_TASK_.
The expected output is each line in the data below that includes the string "left".

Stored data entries
===
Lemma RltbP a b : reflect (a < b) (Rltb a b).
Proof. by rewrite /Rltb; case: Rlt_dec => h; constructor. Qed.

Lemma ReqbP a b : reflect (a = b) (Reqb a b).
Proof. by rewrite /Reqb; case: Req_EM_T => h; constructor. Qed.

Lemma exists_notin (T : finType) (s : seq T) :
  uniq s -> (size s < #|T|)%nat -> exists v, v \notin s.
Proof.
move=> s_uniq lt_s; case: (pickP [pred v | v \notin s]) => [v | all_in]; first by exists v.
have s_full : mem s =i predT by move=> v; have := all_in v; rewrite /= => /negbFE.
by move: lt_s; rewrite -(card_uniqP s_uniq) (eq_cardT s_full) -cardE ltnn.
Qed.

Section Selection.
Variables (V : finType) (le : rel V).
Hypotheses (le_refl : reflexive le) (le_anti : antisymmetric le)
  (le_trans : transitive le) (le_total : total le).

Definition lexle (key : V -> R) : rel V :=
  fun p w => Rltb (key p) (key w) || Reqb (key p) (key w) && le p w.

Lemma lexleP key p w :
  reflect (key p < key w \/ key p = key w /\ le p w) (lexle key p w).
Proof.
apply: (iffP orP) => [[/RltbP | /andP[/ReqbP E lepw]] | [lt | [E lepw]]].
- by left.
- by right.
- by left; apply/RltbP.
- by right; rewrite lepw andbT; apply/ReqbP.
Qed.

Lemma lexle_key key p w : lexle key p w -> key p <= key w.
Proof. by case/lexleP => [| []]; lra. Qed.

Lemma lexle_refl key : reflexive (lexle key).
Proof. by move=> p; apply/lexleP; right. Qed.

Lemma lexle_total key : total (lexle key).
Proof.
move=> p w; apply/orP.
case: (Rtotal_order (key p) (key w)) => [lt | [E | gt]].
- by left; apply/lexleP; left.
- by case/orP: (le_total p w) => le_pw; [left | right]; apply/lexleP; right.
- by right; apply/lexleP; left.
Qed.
===
_WRITTEN RESPONSE_.
- by left.
- by left; apply/RltbP.
- by left; apply/lexleP; left.
- by case/orP: (le_total p w) => le_pw; [left | right]; apply/lexleP; right.
- by right; apply/lexleP; left.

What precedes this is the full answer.